## [Work instruction]
Only the lines from the beginning of the data below through the line containing "intros D1 Dmeet" belong in the response, each copied exactly.

## [Entries provided]
Lemma meetl_lower_bound (c : A) (D : A -> Prop) l :
  D 1 -> (forall a b, D a -> D b -> D (a * b)) ->
  Forall (fun a => a = c \/ D a) l -> exists d, D d /\ c * d <= meetl l.
Proof.
  intros D1 Dmeet Hl. induction Hl as [|a l Ha _ [d [Dd Hd]]].
  - exists 1. split; [exact D1 | apply meet_le_r].
  - destruct Ha as [-> | Da].
    + exists d. split; [exact Dd|]. apply le_meet; [apply meet_le_l | exact Hd].
    + exists (d * a). split; [auto|]. simpl. rewrite ba_meet_assoc.
      apply le_meet; [apply meet_le_r|]. eapply le_trans; [apply meet_le_l | exact Hd].
Qed.

Lemma chain_list_bound (S : A -> Prop) (F : (A -> Prop) -> Prop) l :
  (forall X Y, F X -> F Y -> (forall t, X t -> Y t) \/ (forall t, Y t -> X t)) ->
  Forall (fun a => S a \/ exists X, F X /\ X a) l ->
  Forall S l \/ exists X, F X /\ Forall (fun a => S a \/ X a) l.
Proof.
  intros Ftot Hl.
  assert (Hweaken : forall X Y l', (forall t, X t -> Y t) ->
            Forall (fun a => S a \/ X a) l' -> Forall (fun a => S a \/ Y a) l').
  { intros X Y l' XY. apply Forall_impl. intros a [Sa|Xa]; auto. }
  induction Hl as [|a l Ha _ [HS|[X [FX HX]]]]; [left; constructor|..].
  - destruct Ha as [Sa|[Y [FY Ya]]]; [left; constructor; assumption|].
    right. exists Y. split; [exact FY|]. constructor; [auto|].
    eapply Forall_impl; [|exact HS]. auto.
  - destruct Ha as [Sa|[Y [FY Ya]]]; [right; exists X; split; [|constructor]; auto|].
    destruct (Ftot X Y FX FY) as [XY|YX].
    + right. exists Y. split; [exact FY|]. constructor; [auto|]. eapply Hweaken; eauto.
    + right. exists X. split; [exact FX|]. constructor; auto.
Qed.

Lemma FIP_adjoin (M : A -> Prop) a :
  (forall l, Forall M l -> meetl l * a <> 0) -> FIP (fun t => M t \/ t = a).
Proof.
  intros Ha l Hl.
  assert (Hred : exists l', Forall M l' /\ meetl l * a = meetl l' * a).
  { induction Hl as [|x l Hx _ [l' [Hl' Heq]]]; [exists nil; split; auto|].
    destruct Hx as [Mx | ->].
    - exists (x :: l'). split; [constructor; assumption|].
      simpl. rewrite <- !ba_meet_assoc, Heq. reflexivity.
    - exists l'. split; [exact Hl'|]. simpl.
      rewrite <- Heq, (ba_meet_comm A a (meetl l)), <- ba_meet_assoc, meet_idem.
      reflexivity. }
  destruct Hred as [l' [Hl' Heq]]. intro H0. apply (Ha l' Hl').
  rewrite <- Heq, H0, meet0l. reflexivity.
Qed.

Lemma maximal_FIP_ultrafilter (M : A -> Prop) :
  FIP M -> (forall a, FIP (fun t => M t \/ t = a) -> M a) -> ultrafilter A M.
Proof.
  intros HM Hmax.
  assert (Hadd : forall a, (forall l, Forall M l -> meetl l * a <> 0) -> M a).
  { intros a Ha. apply Hmax, FIP_adjoin, Ha. }
  assert (Hout : forall a, ~ M a -> exists l, Forall M l /\ meetl l * a = 0).
  { intros a Ha. apply NNPP. intro H. apply Ha, Hadd. intros l Hl H0. apply H. eauto. }
  repeat split.
  - apply Hadd. intros l Hl. rewrite ba_meet1. apply HM, Hl.
  - intro H0. apply (HM (0 :: nil)); [constructor; auto | apply ba_meet1].
  - intros a b Ma Hab. apply Hadd. intros l Hl H0.
    apply (HM (a :: l)); [constructor; assumption|]. simpl.
    rewrite <- Hab, <- ba_meet_assoc, (ba_meet_comm A b), H0, meet0. reflexivity.
  - intros a b Ma Mb. apply Hadd. intros l Hl H0.
    apply (HM (a :: b :: l)); [repeat constructor; assumption|]. simpl.
    rewrite ba_meet_assoc, ba_meet_comm. exact H0.
  - intro a. destruct (classic (M a)) as [Ma|Ma]; [left; exact Ma|].
    destruct (classic (M (a^c))) as [Mac|Mac]; [right; exact Mac|]. exfalso.
    destruct (Hout a Ma) as [l1 [Hl1 E1]]. destruct (Hout _ Mac) as [l2 [Hl2 E2]].
    apply (HM (l1 ++ l2)); [apply Forall_app; auto|].
    rewrite meetl_app. exact (meet_zero_split a _ _ E1 E2).
Qed.

Lemma ultrafilter_extension (S : A -> Prop) :
  FIP S -> exists u, ultrafilter A u /\ forall a, S a -> u a.
Proof.
  intro HS.
  destruct (zorn_subsets A (fun X => FIP (fun a => S a \/ X a))) as [M0 [HM0 M0max]].
  { intros F FP Ftot l Hl.
    destruct (chain_list_bound S F l Ftot Hl) as [HSl|[X [FX HX]]].
    - apply HS, HSl.
    - apply (FP X FX l HX). }
  exists (fun a => S a \/ M0 a). split; [|auto].
  apply maximal_FIP_ultrafilter; [exact HM0|].
  intros a Ha. right. apply (M0max (fun t => M0 t \/ t = a)); [auto| |auto].
  refine (FIP_sub _ _ _ Ha). tauto.
Qed.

## [Solution below]
Lemma meetl_lower_bound (c : A) (D : A -> Prop) l :
  D 1 -> (forall a b, D a -> D b -> D (a * b)) ->
  Forall (fun a => a = c \/ D a) l -> exists d, D d /\ c * d <= meetl l.
Proof.
  intros D1 Dmeet Hl. induction Hl as [|a l Ha _ [d [Dd Hd]]].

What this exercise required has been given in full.